◆ **TASK INSTRUCTIONS**: Give again, word for word, every line in the entries below from the line with "path (adj U) u (y :: rcons q z) -> all" up to and including the line with "have u2_out : u2", and no other line.

------------------------------------------------

(* [J] is geodesically convex in [T2]: otherwise the step from [h u] toward [h w] in [T1]
   would extend [h] isometrically beyond [J]. *)
Lemma J_step_toward u w y : u \in J -> w \in J -> u != w -> adj T2 u y ->
  (d2 y w).+1 = d2 u w -> y \in J.
Proof.
move=> uJ wJ uw uy yw; apply: contraT => yJ.
have huw : h u != h w.
  by apply: contra_neq uw => e_uw; apply: (dist_eq0 t2); rewrite -h_isometric // e_uw distxx.
have [y1 uy1 y1w] := step_toward t1 huw.
have y1_h b : b \in J -> d1 y1 (h b) = d2 y b.
  move=> bJ; rewrite (dist_step_toward t1 _ uy1 y1w) (dist_step_toward t2 _ uy yw).
  by rewrite !h_isometric.
have J_neq b : b \in J -> (b == y) = false by move=> bJ; apply: contraNF yJ => /eqP <-.
pose h' b := if b == y then y1 else h b.
have : #|y |: J| <= #|J|.
  apply: (@J_max _ h') => a b; rewrite !in_setU1 /h'.
  case/predU1P=> [-> | aJ]; case/predU1P=> [-> | bJ]; rewrite ?eqxx ?J_neq //.
  - by rewrite !distxx.
  - exact: y1_h.
  - by rewrite (dist_sym t1) y1_h // (dist_sym t2).
  - exact: h_isometric.
by rewrite cardsU1 yJ ltnn.
Qed.

Lemma excursion_in_B u y q z : all [predC A] (y :: q) ->
  path (adj U) u (y :: rcons q z) -> all (mem B) (u :: y :: rcons q z).
Proof.
move=> yqA; rewrite -rcons_cons rcons_path => /andP [p_uq lz].
have yA : y \notin A by case/andP: yqA.
have yqB : all (mem B) (y :: q).
  by apply/allP => v /(allP yqA) vA; move: (cover_vertex v); rewrite (negbTE vA).
have zB : z \in B.
  have /(allP yqA) lA := mem_last y q.
  by move: (cover_edge lz); rewrite /= (negbTE lA) /= => /andP [].
have uB : u \in B.
  by move: p_uq => /= /andP [/cover_edge]; rewrite (negbTE yA) andbF /= => /andP [].
apply/allP => v; rewrite -rcons_cons mem_rcons 2!in_cons.
by case/or3P => [/eqP -> | /eqP -> | /(allP yqB)].
Qed.

Lemma no_excursion u y q z : u \in A -> all [predC A] (y :: q) -> z \in A ->
  path (adj U) u (y :: rcons q z) -> u \notin y :: rcons q z -> False.
Proof.
move=> uA yqA zA p_uz u_out.
have /andP [uB sB] : (u \in B) && all (mem B) (y :: rcons q z) := excursion_in_B yqA p_uz.
set s := y :: rcons q z in u_out sB.
pose inv2 := emb_inv g2 x02; pose u2 := inv2 u; pose s2 := map inv2 s.
have gu2 : g2 u2 = u := emb_invE g2I x02 uB.
have gs2 : map g2 s2 = s := map_emb_inv g2I x02 sB.
have p2 : path (adj T2) u2 s2 by rewrite -(emb_path g2I) gu2 gs2.
have u2_out : u2 \notin s2 by apply: contra u_out => /(map_f g2); rewrite gu2 gs2.
move: p2 u2_out; rewrite /s2 /s /= inE negb_or => /andP [uy2 p2] /andP [u2y2 u2_out].
set y2 := inv2 y in uy2 p2 u2y2; set w2 := inv2 z.
have lw2 : last y2 (map inv2 (rcons q z)) = w2 by rewrite last_map last_rcons.
have y2u2 : y2 != u2 by rewrite eq_sym.
have w2y := path_walk (path_avoiding p2 y2u2 u2_out); rewrite lw2 in w2y.
have uw2 : u2 != w2.
  by apply: contraNneq u2_out => ->; apply: map_f; rewrite mem_rcons mem_head.
have yB : y \in B by apply: (allP sB); rewrite mem_head.
have zB : z \in B by apply: (allP sB); rewrite inE mem_rcons mem_head orbT.
have u2J : u2 \in J by rewrite inE gu2.
have w2J : w2 \in J by rewrite inE (emb_invE g2I x02 zB).
have := J_step_toward u2J w2J uw2 uy2 (step_toward_avoiding t2 uy2 uw2 w2y).
by rewrite inE (emb_invE g2I x02 yB); case/andP: yqA => /negbTE ->.
Qed.

(* A vertex [a] outside [B] has both cycle neighbours in [A], so the excursions of the
   cycle outside [A] start and end at two distinct vertices. *)
Lemma cycle_excursion c a v : uniq c -> cycle (adj U) c -> a \in c -> a \notin B ->
  v \in c -> v \notin A ->
  exists u y q z, [/\ u \in A, all [predC A] (y :: q), z \in A,
                     path (adj U) u (y :: rcons q z) & u \notin y :: rcons q z].
Proof.
move=> uc cc ac aB vc vA.
have aA : a \in A by move: (cover_vertex a); rewrite (negbTE aB) orbF.
case: (rot_to ac) => i s rot_c.
have uas : uniq (a :: s) by rewrite -rot_c rot_uniq.
have /andP [ps lsa] : path (adj U) a s && adj U (last a s) a.
  by rewrite -rcons_path -[path _ _ _]/(cycle _ (a :: s)) -rot_c rot_cycle.
have lsA : last a s \in A.
  by move: (cover_edge lsa); rewrite (negbTE aB) andbF orbF => /andP [].
have has_s : has [predC A] s.
  have : v \in a :: s by rewrite -rot_c mem_rot.
  by rewrite inE => /predU1P [va | vs]; [rewrite va aA in vA | apply/hasP; exists v].
have [q1 [y [q [z [q3 [es yA qA zA uA]]]]]] := split_excursion aA lsA has_s.
exists (last a q1), y, q, z; split=> //; first by rewrite /= yA.
  by move: ps; rewrite es cat_path -cat_rcons -cat_cons cat_path => /and3P [].
move: uas; rewrite es -cat_cons cat_uniq => /and3P [_ disj _].
apply: contra disj => u_in; apply/hasP; exists (last a q1); last exact: mem_last.
by move: u_in; rewrite -cat_rcons -cat_cons mem_cat => ->.
Qed.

------------------------------------------------

◆ **TASK RESULT**:
  path (adj U) u (y :: rcons q z) -> all (mem B) (u :: y :: rcons q z).
Proof.
move=> yqA; rewrite -rcons_cons rcons_path => /andP [p_uq lz].
have yA : y \notin A by case/andP: yqA.
have yqB : all (mem B) (y :: q).
  by apply/allP => v /(allP yqA) vA; move: (cover_vertex v); rewrite (negbTE vA).
have zB : z \in B.
  have /(allP yqA) lA := mem_last y q.
  by move: (cover_edge lz); rewrite /= (negbTE lA) /= => /andP [].
have uB : u \in B.
  by move: p_uq => /= /andP [/cover_edge]; rewrite (negbTE yA) andbF /= => /andP [].
apply/allP => v; rewrite -rcons_cons mem_rcons 2!in_cons.
by case/or3P => [/eqP -> | /eqP -> | /(allP yqB)].
Qed.

Lemma no_excursion u y q z : u \in A -> all [predC A] (y :: q) -> z \in A ->
  path (adj U) u (y :: rcons q z) -> u \notin y :: rcons q z -> False.
Proof.
move=> uA yqA zA p_uz u_out.
have /andP [uB sB] : (u \in B) && all (mem B) (y :: rcons q z) := excursion_in_B yqA p_uz.
set s := y :: rcons q z in u_out sB.
pose inv2 := emb_inv g2 x02; pose u2 := inv2 u; pose s2 := map inv2 s.
have gu2 : g2 u2 = u := emb_invE g2I x02 uB.
have gs2 : map g2 s2 = s := map_emb_inv g2I x02 sB.
have p2 : path (adj T2) u2 s2 by rewrite -(emb_path g2I) gu2 gs2.
have u2_out : u2 \notin s2 by apply: contra u_out => /(map_f g2); rewrite gu2 gs2.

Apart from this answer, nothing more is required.